Entries taken from a collection:
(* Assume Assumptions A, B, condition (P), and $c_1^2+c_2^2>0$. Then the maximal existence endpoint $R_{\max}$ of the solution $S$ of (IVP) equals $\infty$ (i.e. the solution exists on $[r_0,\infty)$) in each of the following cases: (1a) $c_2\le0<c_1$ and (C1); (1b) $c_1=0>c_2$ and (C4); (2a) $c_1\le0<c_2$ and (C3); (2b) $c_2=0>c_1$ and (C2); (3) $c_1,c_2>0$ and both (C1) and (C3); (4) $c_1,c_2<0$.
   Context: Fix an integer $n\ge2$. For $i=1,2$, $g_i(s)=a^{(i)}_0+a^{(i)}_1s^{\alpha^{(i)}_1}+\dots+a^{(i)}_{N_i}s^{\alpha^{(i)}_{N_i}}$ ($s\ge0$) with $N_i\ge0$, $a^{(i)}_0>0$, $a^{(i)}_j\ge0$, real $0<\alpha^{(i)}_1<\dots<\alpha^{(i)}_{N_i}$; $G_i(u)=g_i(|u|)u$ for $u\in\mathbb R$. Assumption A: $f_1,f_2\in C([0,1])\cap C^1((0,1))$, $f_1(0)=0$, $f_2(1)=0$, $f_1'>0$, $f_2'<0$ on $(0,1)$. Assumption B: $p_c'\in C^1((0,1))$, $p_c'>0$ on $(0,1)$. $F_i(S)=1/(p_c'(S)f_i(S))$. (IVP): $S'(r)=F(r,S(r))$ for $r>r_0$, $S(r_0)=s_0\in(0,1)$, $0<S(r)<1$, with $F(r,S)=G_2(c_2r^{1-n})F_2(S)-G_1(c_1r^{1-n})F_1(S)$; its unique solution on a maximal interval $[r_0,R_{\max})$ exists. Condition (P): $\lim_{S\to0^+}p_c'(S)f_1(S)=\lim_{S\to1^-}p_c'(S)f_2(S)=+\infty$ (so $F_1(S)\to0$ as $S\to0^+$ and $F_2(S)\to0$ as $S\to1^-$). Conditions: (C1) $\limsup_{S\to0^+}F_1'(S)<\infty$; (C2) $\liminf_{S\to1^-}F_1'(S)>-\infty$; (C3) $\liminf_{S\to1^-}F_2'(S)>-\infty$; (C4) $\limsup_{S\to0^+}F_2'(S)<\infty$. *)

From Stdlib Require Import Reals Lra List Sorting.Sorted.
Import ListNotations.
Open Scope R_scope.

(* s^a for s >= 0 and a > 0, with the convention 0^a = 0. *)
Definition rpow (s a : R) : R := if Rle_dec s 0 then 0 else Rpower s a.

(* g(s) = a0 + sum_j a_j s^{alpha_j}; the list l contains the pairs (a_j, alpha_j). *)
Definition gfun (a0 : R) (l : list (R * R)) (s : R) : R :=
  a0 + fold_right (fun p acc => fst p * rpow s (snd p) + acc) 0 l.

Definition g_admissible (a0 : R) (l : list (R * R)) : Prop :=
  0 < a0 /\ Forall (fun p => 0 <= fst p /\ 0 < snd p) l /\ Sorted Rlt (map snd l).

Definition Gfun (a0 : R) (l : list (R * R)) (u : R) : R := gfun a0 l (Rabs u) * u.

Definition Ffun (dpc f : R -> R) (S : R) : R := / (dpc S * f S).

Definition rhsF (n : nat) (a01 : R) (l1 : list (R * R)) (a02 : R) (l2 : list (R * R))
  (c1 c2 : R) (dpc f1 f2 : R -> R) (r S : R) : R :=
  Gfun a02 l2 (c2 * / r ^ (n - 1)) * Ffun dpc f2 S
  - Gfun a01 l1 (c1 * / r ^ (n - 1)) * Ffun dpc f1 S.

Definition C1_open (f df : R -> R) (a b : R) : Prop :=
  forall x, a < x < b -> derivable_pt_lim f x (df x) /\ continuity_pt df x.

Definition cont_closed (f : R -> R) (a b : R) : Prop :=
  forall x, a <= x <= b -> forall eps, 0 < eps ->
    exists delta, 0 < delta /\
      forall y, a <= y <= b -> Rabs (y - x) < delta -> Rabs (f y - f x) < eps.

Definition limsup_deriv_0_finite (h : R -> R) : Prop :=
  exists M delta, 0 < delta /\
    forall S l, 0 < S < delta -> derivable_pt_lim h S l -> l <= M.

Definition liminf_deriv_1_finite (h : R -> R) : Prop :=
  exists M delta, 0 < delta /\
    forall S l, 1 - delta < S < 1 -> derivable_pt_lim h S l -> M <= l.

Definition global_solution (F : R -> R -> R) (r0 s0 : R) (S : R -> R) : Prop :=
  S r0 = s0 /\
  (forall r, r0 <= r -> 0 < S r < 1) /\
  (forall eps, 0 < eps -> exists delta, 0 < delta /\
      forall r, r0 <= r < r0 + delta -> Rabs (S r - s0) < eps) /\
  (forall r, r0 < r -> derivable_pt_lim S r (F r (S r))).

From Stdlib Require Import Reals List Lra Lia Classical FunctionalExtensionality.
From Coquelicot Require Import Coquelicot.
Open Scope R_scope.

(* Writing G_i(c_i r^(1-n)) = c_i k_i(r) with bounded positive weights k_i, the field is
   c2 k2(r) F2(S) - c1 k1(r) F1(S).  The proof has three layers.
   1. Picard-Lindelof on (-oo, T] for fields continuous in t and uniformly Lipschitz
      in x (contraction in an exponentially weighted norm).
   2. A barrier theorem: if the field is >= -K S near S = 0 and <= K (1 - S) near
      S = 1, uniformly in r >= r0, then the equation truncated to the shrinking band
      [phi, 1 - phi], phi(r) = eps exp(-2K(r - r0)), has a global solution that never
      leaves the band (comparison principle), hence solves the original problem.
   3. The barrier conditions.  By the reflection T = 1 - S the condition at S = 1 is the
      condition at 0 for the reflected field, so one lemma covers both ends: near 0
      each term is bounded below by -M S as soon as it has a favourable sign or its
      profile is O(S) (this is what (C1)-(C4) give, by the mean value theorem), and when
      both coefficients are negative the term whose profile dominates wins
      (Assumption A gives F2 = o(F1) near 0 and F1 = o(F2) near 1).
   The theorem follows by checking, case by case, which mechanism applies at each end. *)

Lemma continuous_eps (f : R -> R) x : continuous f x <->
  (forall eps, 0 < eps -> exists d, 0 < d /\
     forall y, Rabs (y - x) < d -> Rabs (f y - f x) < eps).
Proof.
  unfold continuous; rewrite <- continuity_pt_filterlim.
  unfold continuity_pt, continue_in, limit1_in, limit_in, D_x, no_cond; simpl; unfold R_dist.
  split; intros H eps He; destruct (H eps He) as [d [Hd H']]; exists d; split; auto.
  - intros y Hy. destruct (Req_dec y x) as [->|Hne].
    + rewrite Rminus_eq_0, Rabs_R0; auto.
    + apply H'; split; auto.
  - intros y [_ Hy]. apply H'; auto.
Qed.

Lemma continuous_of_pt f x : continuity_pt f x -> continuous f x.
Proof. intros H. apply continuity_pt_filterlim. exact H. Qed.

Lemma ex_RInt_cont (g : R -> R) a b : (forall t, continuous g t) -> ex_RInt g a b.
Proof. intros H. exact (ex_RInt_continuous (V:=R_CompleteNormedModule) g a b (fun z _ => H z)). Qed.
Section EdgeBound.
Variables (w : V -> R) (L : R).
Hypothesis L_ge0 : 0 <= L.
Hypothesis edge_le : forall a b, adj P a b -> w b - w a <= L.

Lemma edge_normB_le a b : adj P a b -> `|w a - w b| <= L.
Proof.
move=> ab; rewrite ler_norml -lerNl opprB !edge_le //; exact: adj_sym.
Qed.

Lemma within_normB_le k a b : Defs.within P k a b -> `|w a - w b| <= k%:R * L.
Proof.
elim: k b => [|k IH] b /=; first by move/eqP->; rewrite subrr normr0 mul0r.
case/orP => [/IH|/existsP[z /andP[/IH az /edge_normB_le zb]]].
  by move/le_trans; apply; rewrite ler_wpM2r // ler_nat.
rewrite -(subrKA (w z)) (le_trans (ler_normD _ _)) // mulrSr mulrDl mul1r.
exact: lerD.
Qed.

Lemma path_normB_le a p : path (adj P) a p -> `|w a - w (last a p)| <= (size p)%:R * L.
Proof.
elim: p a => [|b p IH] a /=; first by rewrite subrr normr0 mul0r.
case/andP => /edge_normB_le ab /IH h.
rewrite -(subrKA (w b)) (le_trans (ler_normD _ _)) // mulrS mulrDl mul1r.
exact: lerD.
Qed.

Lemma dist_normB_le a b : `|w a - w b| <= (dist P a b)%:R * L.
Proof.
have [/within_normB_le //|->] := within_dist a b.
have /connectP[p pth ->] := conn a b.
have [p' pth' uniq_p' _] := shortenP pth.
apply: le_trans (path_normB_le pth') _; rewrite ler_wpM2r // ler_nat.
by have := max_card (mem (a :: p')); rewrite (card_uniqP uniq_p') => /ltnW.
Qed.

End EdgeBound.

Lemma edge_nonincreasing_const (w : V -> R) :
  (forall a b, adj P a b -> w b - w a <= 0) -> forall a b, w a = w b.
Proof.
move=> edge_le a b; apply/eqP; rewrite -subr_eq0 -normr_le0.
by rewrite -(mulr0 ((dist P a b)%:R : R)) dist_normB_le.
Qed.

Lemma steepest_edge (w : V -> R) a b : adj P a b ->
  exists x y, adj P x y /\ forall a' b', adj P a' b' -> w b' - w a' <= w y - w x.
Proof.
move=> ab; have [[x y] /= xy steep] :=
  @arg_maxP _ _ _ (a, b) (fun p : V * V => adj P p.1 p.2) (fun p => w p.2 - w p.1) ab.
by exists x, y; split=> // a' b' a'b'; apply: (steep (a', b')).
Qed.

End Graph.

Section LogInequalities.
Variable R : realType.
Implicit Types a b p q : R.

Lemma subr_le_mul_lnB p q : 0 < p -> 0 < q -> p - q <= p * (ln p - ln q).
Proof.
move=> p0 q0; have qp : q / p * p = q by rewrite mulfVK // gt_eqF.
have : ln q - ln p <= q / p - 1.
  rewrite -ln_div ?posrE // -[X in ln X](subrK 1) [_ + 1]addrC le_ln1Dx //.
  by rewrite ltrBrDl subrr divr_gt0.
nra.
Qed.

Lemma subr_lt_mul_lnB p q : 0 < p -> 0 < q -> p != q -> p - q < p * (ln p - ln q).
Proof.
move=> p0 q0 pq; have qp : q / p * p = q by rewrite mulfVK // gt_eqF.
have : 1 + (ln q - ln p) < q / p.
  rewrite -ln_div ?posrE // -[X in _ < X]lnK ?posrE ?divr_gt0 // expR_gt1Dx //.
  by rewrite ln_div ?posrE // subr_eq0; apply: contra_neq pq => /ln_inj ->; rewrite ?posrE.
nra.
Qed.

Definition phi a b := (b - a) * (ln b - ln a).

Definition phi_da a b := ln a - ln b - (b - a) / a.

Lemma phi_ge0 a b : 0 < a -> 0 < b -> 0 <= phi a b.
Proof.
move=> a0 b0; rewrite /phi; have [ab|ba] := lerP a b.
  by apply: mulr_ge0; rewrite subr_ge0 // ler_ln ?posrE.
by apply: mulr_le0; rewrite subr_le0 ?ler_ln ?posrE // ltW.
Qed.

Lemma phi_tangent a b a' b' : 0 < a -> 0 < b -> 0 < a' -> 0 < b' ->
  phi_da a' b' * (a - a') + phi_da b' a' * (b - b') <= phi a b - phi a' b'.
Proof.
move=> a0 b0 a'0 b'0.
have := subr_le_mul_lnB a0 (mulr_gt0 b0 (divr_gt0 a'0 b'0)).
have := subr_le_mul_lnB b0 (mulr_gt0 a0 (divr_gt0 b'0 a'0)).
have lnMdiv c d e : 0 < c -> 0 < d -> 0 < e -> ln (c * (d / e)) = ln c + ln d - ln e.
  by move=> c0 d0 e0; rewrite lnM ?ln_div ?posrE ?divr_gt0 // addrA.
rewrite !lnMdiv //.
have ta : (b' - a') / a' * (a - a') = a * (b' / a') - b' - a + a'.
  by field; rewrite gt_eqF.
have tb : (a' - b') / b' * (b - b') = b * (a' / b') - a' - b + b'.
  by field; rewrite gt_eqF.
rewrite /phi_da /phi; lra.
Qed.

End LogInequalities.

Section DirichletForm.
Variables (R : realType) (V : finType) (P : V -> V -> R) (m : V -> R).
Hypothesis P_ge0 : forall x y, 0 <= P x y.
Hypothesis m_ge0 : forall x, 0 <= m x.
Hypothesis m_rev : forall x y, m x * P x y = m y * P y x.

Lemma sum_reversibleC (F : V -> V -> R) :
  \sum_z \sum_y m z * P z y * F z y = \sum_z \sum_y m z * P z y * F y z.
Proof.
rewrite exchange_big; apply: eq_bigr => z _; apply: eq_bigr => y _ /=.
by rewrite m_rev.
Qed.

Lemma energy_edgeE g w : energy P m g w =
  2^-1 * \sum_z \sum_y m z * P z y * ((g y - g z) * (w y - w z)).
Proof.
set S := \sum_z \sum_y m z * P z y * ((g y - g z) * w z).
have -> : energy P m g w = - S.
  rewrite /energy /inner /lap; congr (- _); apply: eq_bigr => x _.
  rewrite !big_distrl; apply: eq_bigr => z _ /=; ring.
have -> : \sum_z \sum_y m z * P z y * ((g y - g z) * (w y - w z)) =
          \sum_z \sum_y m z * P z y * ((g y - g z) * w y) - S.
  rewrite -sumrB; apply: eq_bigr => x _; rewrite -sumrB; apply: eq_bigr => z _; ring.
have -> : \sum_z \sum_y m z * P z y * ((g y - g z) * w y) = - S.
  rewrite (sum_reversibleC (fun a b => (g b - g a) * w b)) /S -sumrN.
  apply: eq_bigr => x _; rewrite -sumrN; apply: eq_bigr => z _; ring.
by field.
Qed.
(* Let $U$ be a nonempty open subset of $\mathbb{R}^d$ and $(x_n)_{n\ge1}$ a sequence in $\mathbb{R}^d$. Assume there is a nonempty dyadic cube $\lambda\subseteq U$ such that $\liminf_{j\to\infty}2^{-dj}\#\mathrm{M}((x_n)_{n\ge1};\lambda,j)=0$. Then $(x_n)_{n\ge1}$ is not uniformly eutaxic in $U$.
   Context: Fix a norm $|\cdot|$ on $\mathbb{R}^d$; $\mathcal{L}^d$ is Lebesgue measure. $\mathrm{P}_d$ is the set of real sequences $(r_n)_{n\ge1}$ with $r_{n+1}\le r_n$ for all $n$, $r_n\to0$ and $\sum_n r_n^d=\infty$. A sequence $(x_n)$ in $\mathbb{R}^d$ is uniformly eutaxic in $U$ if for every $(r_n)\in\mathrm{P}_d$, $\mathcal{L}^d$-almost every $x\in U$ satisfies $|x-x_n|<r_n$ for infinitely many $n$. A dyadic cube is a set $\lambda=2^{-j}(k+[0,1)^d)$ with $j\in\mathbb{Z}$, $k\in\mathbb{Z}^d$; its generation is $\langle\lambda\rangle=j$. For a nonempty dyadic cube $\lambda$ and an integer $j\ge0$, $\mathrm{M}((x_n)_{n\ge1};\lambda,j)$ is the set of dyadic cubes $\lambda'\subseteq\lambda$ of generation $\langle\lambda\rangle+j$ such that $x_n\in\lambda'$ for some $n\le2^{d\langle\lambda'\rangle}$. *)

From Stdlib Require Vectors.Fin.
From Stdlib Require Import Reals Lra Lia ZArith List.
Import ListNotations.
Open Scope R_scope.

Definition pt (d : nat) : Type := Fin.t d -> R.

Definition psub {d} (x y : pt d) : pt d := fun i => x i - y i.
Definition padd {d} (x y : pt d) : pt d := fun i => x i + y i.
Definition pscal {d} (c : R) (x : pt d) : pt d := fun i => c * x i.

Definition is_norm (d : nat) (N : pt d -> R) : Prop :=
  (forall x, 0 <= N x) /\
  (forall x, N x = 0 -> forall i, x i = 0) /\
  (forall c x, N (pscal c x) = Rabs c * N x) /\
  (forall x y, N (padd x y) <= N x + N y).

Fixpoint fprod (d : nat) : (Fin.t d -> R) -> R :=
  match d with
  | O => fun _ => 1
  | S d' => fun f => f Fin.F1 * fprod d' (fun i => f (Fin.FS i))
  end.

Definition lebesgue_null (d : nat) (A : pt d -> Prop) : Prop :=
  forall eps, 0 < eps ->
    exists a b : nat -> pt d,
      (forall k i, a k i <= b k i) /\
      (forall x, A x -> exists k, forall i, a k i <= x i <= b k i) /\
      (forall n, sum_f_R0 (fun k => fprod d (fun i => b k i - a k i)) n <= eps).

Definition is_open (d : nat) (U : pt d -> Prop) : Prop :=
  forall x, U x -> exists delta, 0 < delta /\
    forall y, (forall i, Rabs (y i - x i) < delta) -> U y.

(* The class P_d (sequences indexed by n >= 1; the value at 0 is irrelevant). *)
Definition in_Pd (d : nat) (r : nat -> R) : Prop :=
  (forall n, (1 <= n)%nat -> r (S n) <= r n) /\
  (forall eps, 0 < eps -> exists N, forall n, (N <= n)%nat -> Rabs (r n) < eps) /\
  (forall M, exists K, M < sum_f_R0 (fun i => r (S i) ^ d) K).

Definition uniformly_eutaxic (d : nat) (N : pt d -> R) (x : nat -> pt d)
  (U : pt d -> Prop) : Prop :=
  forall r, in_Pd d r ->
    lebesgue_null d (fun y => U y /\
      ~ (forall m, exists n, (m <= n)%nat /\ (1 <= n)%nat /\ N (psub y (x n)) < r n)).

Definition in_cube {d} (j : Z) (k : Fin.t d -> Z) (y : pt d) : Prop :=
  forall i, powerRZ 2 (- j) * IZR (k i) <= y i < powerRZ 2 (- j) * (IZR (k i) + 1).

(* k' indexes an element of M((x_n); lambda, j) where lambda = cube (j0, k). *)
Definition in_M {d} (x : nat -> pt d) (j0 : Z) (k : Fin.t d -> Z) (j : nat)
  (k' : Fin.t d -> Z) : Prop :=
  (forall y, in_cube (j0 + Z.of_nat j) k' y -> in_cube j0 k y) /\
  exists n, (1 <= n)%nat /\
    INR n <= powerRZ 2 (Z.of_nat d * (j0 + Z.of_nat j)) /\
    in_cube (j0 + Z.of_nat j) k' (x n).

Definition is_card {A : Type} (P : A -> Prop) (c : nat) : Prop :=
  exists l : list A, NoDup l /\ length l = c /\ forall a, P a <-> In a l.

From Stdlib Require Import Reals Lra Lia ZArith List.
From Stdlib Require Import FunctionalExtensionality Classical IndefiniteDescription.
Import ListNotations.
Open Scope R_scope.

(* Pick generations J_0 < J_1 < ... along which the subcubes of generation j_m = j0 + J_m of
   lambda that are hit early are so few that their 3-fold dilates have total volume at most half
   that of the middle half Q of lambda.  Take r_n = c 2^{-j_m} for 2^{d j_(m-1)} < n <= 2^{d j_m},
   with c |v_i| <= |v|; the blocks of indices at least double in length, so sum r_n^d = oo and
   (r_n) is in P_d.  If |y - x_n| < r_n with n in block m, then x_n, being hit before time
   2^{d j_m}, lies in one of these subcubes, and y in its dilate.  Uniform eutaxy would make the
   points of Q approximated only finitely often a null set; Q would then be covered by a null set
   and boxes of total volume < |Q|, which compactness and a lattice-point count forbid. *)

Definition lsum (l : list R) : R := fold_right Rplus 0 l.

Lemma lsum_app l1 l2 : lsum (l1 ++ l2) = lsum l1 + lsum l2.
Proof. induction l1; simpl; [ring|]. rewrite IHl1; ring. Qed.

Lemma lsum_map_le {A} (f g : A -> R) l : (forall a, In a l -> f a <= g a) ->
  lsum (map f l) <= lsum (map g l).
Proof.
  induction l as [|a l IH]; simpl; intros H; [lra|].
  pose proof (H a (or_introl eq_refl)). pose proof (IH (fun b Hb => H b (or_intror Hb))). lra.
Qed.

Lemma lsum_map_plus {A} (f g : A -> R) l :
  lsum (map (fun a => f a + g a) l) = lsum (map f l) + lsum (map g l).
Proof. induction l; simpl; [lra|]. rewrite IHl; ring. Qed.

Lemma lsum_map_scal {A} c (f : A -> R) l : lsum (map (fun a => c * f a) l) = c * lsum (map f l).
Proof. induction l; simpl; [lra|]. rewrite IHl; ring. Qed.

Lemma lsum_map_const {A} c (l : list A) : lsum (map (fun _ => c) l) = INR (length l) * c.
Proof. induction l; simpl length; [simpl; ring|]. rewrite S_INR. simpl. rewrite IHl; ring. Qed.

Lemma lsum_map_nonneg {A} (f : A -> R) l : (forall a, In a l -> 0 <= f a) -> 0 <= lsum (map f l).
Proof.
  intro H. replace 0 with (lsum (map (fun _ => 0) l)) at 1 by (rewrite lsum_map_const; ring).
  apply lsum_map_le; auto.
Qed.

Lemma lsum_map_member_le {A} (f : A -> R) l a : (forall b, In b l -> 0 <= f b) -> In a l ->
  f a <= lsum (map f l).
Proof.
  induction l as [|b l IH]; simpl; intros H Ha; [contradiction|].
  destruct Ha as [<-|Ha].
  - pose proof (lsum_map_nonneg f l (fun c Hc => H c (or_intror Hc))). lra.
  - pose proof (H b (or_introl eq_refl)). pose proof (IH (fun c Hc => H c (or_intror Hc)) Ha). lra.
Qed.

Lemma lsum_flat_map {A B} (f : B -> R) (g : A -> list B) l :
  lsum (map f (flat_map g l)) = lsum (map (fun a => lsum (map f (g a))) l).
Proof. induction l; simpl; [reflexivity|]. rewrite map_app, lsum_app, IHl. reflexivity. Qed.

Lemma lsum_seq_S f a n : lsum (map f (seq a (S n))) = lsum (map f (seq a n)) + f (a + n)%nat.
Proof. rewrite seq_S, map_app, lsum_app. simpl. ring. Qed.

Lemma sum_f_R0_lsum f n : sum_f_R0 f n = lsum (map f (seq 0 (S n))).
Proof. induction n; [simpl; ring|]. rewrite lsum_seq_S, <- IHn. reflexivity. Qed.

▸ DIRECTIONS
Among the records, find the lines that contain "would" and copy each of them.

▸ RESULT OF THIS EXERCISE
   2^{d j_m}, lies in one of these subcubes, and y in its dilate.  Uniform eutaxy would make the
   points of Q approximated only finitely often a null set; Q would then be covered by a null set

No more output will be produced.